→ **RECORDS FOR THIS TASK**:

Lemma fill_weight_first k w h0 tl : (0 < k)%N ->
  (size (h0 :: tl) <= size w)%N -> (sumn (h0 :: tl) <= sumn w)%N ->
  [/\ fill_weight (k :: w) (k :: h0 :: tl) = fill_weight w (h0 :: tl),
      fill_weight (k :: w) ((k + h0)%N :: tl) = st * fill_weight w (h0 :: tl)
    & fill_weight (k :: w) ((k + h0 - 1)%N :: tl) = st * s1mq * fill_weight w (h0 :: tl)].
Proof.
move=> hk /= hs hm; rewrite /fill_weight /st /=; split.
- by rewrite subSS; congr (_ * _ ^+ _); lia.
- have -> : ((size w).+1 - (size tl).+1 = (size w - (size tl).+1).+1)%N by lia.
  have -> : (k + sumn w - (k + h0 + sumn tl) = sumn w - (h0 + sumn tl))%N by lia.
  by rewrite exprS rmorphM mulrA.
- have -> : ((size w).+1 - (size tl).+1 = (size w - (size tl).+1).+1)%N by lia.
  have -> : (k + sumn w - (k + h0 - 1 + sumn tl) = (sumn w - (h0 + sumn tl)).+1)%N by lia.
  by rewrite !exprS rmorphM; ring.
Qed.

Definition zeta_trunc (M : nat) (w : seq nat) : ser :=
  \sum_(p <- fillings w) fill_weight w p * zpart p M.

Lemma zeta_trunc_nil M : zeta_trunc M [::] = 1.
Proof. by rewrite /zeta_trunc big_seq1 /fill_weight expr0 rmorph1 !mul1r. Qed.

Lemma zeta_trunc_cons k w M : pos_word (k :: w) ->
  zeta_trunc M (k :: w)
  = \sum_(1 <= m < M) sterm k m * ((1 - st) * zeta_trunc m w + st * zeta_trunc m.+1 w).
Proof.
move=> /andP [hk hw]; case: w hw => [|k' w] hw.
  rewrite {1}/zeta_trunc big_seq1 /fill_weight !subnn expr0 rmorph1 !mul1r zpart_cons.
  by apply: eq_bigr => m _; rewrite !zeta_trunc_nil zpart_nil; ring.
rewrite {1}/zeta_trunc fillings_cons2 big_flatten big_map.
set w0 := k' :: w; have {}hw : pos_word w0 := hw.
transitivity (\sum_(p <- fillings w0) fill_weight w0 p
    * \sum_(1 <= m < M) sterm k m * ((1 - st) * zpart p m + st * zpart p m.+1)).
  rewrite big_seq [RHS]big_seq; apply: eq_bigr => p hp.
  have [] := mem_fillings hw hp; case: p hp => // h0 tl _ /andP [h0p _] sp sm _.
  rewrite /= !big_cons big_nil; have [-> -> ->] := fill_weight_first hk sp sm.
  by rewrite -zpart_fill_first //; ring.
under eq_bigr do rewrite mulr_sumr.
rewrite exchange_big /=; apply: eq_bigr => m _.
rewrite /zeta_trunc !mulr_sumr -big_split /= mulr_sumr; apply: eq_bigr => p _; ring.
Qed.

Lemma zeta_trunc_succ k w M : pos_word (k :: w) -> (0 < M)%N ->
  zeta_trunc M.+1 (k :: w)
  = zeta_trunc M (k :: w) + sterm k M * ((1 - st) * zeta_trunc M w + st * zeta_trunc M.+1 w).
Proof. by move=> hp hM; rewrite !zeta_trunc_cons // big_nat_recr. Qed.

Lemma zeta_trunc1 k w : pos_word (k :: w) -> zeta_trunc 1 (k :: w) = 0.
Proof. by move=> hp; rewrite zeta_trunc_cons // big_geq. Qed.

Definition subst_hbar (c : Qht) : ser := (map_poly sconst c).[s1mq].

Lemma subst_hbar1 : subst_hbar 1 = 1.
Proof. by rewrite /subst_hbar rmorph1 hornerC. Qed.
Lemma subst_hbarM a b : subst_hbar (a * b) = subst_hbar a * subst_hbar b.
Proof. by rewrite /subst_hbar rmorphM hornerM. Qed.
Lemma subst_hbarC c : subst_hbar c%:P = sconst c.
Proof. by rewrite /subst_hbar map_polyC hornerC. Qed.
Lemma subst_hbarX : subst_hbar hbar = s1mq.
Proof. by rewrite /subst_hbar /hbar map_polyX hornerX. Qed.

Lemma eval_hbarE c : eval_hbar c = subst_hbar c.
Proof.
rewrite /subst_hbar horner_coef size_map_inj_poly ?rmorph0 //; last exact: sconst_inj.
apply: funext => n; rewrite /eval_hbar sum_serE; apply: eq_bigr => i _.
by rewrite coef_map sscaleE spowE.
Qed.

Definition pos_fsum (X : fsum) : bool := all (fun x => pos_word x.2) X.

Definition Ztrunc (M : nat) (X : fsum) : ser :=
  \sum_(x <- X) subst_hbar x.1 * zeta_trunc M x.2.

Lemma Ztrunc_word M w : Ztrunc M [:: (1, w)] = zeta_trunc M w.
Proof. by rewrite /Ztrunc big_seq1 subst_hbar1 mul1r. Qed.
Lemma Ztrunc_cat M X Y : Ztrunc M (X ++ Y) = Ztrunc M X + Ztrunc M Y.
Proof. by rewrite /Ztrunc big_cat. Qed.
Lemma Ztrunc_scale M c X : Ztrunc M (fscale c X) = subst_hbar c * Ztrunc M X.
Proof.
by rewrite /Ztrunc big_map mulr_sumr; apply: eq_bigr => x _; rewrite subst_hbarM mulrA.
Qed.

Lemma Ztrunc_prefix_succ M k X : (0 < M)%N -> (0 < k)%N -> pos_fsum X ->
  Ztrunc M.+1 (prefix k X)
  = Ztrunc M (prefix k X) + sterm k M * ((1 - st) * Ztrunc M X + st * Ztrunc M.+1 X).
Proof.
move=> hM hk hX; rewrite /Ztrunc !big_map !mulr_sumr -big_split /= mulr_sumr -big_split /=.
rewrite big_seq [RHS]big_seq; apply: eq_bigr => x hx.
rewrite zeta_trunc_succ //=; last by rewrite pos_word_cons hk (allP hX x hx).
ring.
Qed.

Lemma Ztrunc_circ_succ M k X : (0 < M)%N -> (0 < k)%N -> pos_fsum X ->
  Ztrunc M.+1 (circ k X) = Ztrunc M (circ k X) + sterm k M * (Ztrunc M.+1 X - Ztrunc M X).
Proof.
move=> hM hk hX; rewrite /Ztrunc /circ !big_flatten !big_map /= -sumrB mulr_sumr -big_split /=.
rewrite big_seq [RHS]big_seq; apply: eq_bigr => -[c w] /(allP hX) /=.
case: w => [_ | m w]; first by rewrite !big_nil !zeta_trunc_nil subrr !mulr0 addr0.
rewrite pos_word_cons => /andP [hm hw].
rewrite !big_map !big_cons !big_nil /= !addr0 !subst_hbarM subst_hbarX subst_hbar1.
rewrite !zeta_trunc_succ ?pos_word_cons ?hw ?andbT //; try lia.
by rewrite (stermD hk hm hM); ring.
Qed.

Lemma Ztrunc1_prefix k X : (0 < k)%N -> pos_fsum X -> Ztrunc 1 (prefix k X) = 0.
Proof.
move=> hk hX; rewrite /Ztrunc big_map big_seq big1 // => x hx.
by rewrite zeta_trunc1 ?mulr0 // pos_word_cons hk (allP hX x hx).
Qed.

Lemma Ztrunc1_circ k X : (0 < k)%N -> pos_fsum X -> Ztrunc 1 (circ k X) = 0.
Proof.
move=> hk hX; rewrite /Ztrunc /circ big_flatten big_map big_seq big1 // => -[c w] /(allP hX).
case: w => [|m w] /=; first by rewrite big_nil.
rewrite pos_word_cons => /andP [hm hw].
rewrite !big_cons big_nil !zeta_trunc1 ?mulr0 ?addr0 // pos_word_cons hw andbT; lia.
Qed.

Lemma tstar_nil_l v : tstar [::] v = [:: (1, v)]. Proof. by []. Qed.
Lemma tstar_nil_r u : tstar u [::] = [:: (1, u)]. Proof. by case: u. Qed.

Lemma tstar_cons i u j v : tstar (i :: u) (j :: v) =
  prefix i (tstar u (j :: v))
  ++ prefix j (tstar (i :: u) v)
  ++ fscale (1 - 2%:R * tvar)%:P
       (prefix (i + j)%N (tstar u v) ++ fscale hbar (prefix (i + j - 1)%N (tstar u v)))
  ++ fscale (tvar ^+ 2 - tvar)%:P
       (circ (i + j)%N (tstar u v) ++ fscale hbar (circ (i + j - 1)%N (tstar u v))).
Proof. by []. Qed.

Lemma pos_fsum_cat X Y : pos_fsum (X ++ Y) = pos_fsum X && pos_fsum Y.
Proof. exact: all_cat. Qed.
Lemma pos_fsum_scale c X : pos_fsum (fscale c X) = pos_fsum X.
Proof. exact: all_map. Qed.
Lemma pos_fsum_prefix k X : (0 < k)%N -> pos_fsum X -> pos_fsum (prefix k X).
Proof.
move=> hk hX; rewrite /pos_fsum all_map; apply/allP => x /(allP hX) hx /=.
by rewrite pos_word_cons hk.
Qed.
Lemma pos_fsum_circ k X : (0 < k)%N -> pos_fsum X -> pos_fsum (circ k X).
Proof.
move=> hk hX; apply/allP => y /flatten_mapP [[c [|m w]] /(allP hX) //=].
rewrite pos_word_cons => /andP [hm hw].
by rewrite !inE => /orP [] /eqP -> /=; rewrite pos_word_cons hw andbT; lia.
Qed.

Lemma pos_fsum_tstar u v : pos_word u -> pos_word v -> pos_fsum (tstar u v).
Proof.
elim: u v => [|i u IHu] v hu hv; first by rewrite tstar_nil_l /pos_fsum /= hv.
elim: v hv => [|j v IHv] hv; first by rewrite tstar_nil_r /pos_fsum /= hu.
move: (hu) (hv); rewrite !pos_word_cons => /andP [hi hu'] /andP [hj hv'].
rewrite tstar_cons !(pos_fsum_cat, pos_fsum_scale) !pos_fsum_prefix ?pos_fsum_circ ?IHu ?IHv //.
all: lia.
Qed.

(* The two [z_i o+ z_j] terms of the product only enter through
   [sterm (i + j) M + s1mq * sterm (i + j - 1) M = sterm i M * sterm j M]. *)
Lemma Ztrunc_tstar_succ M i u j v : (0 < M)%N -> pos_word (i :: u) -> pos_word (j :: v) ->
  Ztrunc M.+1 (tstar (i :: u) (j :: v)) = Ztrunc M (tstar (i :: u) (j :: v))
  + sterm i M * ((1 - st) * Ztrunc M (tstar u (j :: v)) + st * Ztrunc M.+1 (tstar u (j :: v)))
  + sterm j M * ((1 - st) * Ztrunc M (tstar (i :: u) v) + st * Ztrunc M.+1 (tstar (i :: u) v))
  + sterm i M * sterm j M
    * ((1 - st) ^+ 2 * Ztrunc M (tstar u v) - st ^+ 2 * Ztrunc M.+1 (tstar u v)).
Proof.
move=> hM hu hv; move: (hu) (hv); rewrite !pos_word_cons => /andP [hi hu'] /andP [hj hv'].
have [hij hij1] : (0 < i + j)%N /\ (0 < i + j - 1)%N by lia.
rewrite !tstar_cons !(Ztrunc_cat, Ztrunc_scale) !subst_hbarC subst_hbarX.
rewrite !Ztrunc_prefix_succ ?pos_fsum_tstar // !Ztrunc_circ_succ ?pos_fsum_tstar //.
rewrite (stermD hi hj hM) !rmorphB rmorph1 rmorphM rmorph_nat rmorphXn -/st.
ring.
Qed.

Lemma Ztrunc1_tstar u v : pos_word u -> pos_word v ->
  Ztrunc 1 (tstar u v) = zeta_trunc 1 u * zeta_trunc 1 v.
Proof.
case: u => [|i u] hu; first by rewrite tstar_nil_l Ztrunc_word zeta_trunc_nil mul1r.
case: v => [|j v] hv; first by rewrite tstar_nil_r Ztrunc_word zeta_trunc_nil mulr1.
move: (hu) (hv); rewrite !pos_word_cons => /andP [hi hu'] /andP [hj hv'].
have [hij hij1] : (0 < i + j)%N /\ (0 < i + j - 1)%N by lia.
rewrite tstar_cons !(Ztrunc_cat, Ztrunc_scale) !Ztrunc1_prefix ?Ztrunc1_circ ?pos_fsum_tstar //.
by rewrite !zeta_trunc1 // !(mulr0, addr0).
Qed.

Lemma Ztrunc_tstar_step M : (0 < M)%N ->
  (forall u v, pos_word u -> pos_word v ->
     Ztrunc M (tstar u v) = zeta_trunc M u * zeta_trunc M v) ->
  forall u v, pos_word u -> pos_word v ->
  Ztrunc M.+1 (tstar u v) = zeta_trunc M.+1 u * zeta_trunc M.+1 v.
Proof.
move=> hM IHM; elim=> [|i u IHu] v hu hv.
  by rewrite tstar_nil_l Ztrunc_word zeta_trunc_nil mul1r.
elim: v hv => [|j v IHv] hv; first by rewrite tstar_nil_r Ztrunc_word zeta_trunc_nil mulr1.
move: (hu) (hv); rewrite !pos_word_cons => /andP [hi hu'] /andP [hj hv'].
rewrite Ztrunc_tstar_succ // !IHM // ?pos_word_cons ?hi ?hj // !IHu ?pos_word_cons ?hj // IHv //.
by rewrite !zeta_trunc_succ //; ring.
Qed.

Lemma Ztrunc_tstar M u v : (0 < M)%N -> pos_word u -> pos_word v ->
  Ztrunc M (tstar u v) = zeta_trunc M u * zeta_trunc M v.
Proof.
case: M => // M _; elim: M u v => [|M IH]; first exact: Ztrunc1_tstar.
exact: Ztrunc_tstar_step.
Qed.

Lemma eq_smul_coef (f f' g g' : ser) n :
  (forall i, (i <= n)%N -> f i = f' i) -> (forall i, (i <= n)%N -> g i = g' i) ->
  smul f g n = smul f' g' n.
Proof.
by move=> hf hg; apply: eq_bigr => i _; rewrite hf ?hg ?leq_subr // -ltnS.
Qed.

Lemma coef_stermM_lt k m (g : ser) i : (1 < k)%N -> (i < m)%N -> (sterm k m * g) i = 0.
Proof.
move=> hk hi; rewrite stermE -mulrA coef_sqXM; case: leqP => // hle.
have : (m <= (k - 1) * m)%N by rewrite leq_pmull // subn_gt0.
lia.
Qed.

→ **EXERCISE PROMPT**: Beginning with the first line of the entries, repeat each line exactly until you have reproduced the one containing "- by rewrite subSS; congr (_ * _ ^+ _); lia.", and add nothing further.

→ **WRITTEN REPLY**:
Lemma fill_weight_first k w h0 tl : (0 < k)%N ->
  (size (h0 :: tl) <= size w)%N -> (sumn (h0 :: tl) <= sumn w)%N ->
  [/\ fill_weight (k :: w) (k :: h0 :: tl) = fill_weight w (h0 :: tl),
      fill_weight (k :: w) ((k + h0)%N :: tl) = st * fill_weight w (h0 :: tl)
    & fill_weight (k :: w) ((k + h0 - 1)%N :: tl) = st * s1mq * fill_weight w (h0 :: tl)].
Proof.
move=> hk /= hs hm; rewrite /fill_weight /st /=; split.
- by rewrite subSS; congr (_ * _ ^+ _); lia.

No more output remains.